2°. If, however, \(x\geqslant n(\ln n)^{\gamma_1}\), \(\gamma_1>\max(12/\alpha,\ 1/(\alpha-1))\), then as \(n\to\infty\)

\[ \mathbf{P}\left\{ \max_{1\leqslant j\leqslant n}\left|\xi_j-\frac{x}{n}\right| \sqrt{\frac{x^{\alpha-2}}{\alpha(\alpha-1)}}<A_n+B_nz \mid \zeta_n=x \right\} = \]

\[ =\exp\{-e^{-z}\}+o(1) \]

uniformly in \(z,\ z\geqslant z_0>-\infty\).

* It is easy to see that, uniformly in \(z,\ -\infty<z<\infty\),

\[ \mathbf{P}\left\{\max_{1\leqslant j\leqslant n}|\eta_j|<A_n+B_nz\right\} = \exp\{-e^{-z}\}+o(1), \]

where the \(\eta_j\) are independent and normally distributed with parameters \((0,1)\).

Here the sequences \(A_n, B_n, a_n\), and \(b_n\) are defined by equations (3) and (4).

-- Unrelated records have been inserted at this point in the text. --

Lemma ev_odot s t : ev (todot s t) = ev s + ev t - n.
Proof. rewrite /todot ev_neg ev_oplus !ev_neg; have := ev_le t; have := ev_le s; lia. Qed.

Lemma ev_join s t : ev (tjoin s t) = maxn (ev s) (ev t).
Proof. rewrite /tjoin ev_oplus ev_odot ev_neg; have := ev_le t; have := ev_le s; lia. Qed.

Lemma ev_meet s t : ev (tmeet s t) = minn (ev s) (ev t).
Proof. rewrite /tmeet ev_neg ev_join !ev_neg; have := ev_le t; have := ev_le s; lia. Qed.

Lemma ev_bigjoin_if (f : nat -> term) (P : pred nat) m s :
  (forall i, ev (f i) = if P i then m else 0) ->
  ev (tbigjoin [seq f i | i <- s]) = if has P s then m else 0.
Proof.
move=> hf; elim: s => //= i s IH; rewrite ev_join IH hf.
by case: (P i); case: (has P s); rewrite ?maxnn ?maxn0 ?max0n.
Qed.

Lemma ev_zero_test t : ev (tzero_test n t) = if ev t == 0 then n else 0.
Proof. rewrite /tzero_test ev_neg ev_mul; have := ev_le t; case: eqP; nia. Qed.

Lemma ev_eq_test s t : ev (teq_test n s t) = if ev s == ev t then n else 0.
Proof.
rewrite /teq_test ev_zero_test /tdist ev_oplus !ev_odot !ev_neg.
have := ev_le t; have := ev_le s; do 2 case: eqP; lia.
Qed.

Lemma ev_addmod s t : ev (taddmod n s t) = if ev s + ev t < n then ev s + ev t else ev s + ev t - n.
Proof.
rewrite /taddmod ev_join ev_odot ev_meet ev_neg ev_zero_test ev_neg ev_oplus.
have := ev_le t; have := ev_le s; case: eqP; case: ltnP; lia.
Qed.

Lemma ev_mulmod r t : ev (tmulmod n r t) = r * ev t %% n.
Proof.
elim: r => [|r IH] /=; first by rewrite mod0n.
rewrite ev_addmod IH mulSnr -modnDml.
case: (posnP n) => [n0 | n0].
  have : ev t = 0 by have := ev_le t; lia.
  by move=> ->; rewrite muln0 n0 !modn0.
have := ev_le t; have := ltn_mod (r * ev t) n; rewrite n0 /=.
set y := r * ev t %% n => hy hx; case: ltnP => hyx; first by rewrite modn_small.
by rewrite -{2}(subnK hyx) modnDr modn_small //; lia.
Qed.

Lemma ev_sel p t : 0 < p -> p %| n -> ev (tsel n p t) = if ev t == n %/ p then n %/ p else 0.
Proof.
move=> p0 /dvdnP [m hm]; have -> : n %/ p = m by rewrite hm mulnK.
rewrite /tsel ev_meet ev_eq_test ev_neg ev_mul.
have := ev_le t; case: eqP; case: eqP; nia.
Qed.
(* Let $A$ be a parametric timed B\''uchi automaton, $\alpha$ an abstraction over its symbolic semantics $[\![A]\!]$, and $s$ a state of the induced system $[\![A]\!]^\alpha$. Then for every state $s'$ reachable from $s$ in $[\![A]\!]^\alpha$ (via $\Longrightarrow^\alpha$) we have $s'.[\![C]\!]\subseteq s.[\![C]\!]$.
   Context: Parameters and guards. $P$ is a finite set of parameters; an affine expression is $z_0+z_1p_1+\dots+z_np_n$ with $p_i\in P$, $z_i\in\mathbb Z$; $E(P)$ is the set of these. A parameter valuation is $v:P\to\mathbb Z$. Bounds $lb,ub:P\to\mathbb Z$ are fixed. $X$ is a finite set of clocks containing a zero clock $x_0$. A guard is a finite conjunction of $x_i-x_j\sim e$ with $e\in E(P)$, $\sim\in\{\le,<\}$; it is simple if always $x_i=x_0$ or $x_j=x_0$. Clock valuations $\eta:X\to\mathbb R_{\ge0}$ have $\eta(x_0)=0$; $\eta+d$ delays all clocks but $x_0$ by $d$, $\eta\langle R\rangle$ resets the clocks in $R$. A PTA is $M=(L,l_0,X,P,\Delta,Inv)$ with $\Delta\subseteq L\times(\text{simple guards})\times2^X\times L$ and $Inv$ assigning simple guards to locations; its concrete semantics $[\![M]\!]_v$ has states $(l,\eta)$, initial state $(l_0,\mathbf 0)$, delay transitions $(l,\eta)\xrightarrow{d}(l,\eta+d)$ when $(v,\eta+d)\models Inv(l)$ and action transitions $(l,\eta)\xrightarrow{act}(l',\eta\langle R\rangle)$ when $(l,g,R,l')\in\Delta$, $(v,\eta)\models g$, $(v,\eta\langle R\rangle)\models Inv(l')$. A PTBA is $A=(M,F)$, $F\subseteq L$. A constraint is $e\sim e'$ ($e,e'\in E(P)$, $\sim\in\{<,\le,\ge,>\}$), a constraint set $C$ a finite set of them, $[\![C]\!]$ the set of valuations satisfying all of them, $C\models c$ iff $[\![C]\!]\subseteq[\![c]\!]$. A PDBM $D$ has for all $0\le i,j\le|X|$ an entry $D_{ij}: x_i-x_j\prec_{ij}e_{ij}$ ($\prec_{ij}\in\{\le,<\}$, $e_{ij}\in E(P)\cup\{\infty\}$, $e_{ii}=0$). A CPDBM is $(C,D)$ with $C\models e_{0i}\ge0$ for all $i$; $[\![C,D]\!]=\{(v,\eta):v\in[\![C]\!],\eta\text{ satisfies all }D_{ij}\text{ under }v\}$. Identify $\le$ with true and $<$ with false. Reset: $(C,D)\langle x_r\rangle=(C,D')$ with $D'_{rj}=D_{0j}$ ($j\neq r$), $D'_{ir}=D_{i0}$ ($i\neq r$), others unchanged (sets of clocks: sequentially). Time successor: $D^\uparrow_{i0}=(\infty,<)$ for $i\ne0$, others unchanged. Guard application of $g:x_i-x_j\prec e$ with $c$ the constraint $e_{ij}(\prec_{ij}\Rightarrow\prec)e$: $(C,D)[g]$ equals $\{(C,D[g])\}$ if $C\models\neg c$, $\{(C,D)\}$ if $C\models c$, and $\{(C\cup\{c\},D),(C\cup\{\neg c\},D[g])\}$ otherwise, where $D[g]$ sets entry $ij$ to $(e,\prec)$; conjunctions are applied sequentially. Canonisation $(C,D)_c$: all results of the nondeterministic Floyd–Warshall procedure that for $k,i,j$ ranging in order over $0..|X|$ replaces the current $(C,D)$ by an element of $(C,D)[x_i-x_j(\prec_{ik}\wedge\prec_{kj})e_{ik}+e_{kj}]$. Symbolic semantics $[\![A]\!]$: states $(l,[\![C,D]\!])$; for such $s$, $s.[\![C]\!]$ denotes $[\![C]\!]$. Initial states $(l_0,[\![C,D]\!])$ for $(C,D)\in(C_0,E^\uparrow)[Inv(l_0)]$, $E$ with all entries $(0,\le)$, $C_0=\{lb(p)\le p,\ p\le ub(p):p\in P\}$. Transition $(l,[\![C,D]\!])\Longrightarrow(l',[\![C'_c,D'_c]\!])$ iff $(l,g,R,l')\in\Delta$, $(C'',D'')\in(C,D)[g]$, $(C''_c,D''_c)\in(C'',D'')_c$, $(C',D')\in(C''_c,D''_c\langle R\rangle^\uparrow)[Inv(l')]$, $(C'_c,D'_c)\in(C',D')_c$. Abstraction. For concrete $s=(l,\eta)$ and symbolic $S=(l',[\![C,D]\!])$, $s\in_vS$ means $l=l'$, $v\in[\![C]\!]$, $\eta\in$ the clock valuations satisfying $D$ under $v$. $\preccurlyeq$ is the largest time-abstracting simulation on $[\![M]\!]_v$ (a relation $R$ such that $s_1Rs_2$ and an action step $s_1\xrightarrow{act}s_1'$ give $s_2\xrightarrow{act}s_2'$ with $s_1'Rs_2'$, and a delay step of $s_1$ by $d_1$ is matched by a delay step of $s_2$ by some $d_2$ with related results). An abstraction over $[\![A]\!]$ is a map $\alpha$ from symbolic states to sets of symbolic states such that (i) $(l',[\![C',D']\!])\in\alpha((l,[\![C,D]\!]))$ implies $l=l'$, $[\![C']\!]\subseteq[\![C]\!]$, $[\![C',D]\!]\subseteq[\![C',D']\!]$; (ii) for each $v\in[\![C]\!]$ there exist $S_1$ and $S_2\in\alpha(S_1)$ such that every $s\in_vS_2$ has some $s'\in_vS_1$ with $s\preccurlyeq s'$. The induced system $[\![A]\!]^\alpha$ has states $\{S:S\in\alpha(S')\}$, initial states the images of initial states, and $Q\Longrightarrow^\alpha Q'$ iff $Q\Longrightarrow S$ and $Q'\in\alpha(S)$ for some symbolic $S$. *)

From HB Require Import structures.
From mathcomp Require Import all_boot all_order all_algebra.
From mathcomp Require Import Rstruct.
From Stdlib Require Import Relations.Relation_Operators.
From Stdlib Require Rdefinitions.
Notation R := Rdefinitions.R.
Set Implicit Arguments. Unset Strict Implicit. Unset Printing Implicit Defensive.
Import Order.TTheory GRing.Theory Num.Theory.
Local Open Scope ring_scope.

Section PTA.
Variable P : finType.

Definition pval := P -> int.

Record aexpr := AExpr { a_const : int; a_coef : P -> int }.

Definition aeval (e : aexpr) (v : pval) : int :=
  a_const e + \sum_(p : P) a_coef e p * v p.

Definition aadd (e1 e2 : aexpr) : aexpr :=
  AExpr (a_const e1 + a_const e2) (fun p => a_coef e1 p + a_coef e2 p).
Definition aconst (z : int) : aexpr := AExpr z (fun _ => 0).
Definition aparam (p : P) : aexpr := AExpr 0 (fun q => if q == p then 1 else 0).

(* extended expressions: None stands for infinity *)
Definition xexpr := option aexpr.
Definition xadd (e1 e2 : xexpr) : xexpr :=
  match e1, e2 with Some a, Some b => Some (aadd a b) | _, _ => None end.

Theorem 2. Suppose that in relation (2) \(0<\alpha<1\). Suppose further that \(M|\xi_1|^k<\infty\), \(k=4+\left[\dfrac{2\alpha-1}{1-\alpha}\right]\) (in particular, for \(0<\alpha<1/2\) we have \(k=3\)). Then:

\(1^\circ\). If
\[ 0\le x\le (c_\alpha-\delta)\sigma^{2/(2-\alpha)}n^{1/(2-\alpha)},\qquad c_\alpha=(2-\alpha)(2-2\alpha)^{(\alpha-1)/(2-\alpha)}, \]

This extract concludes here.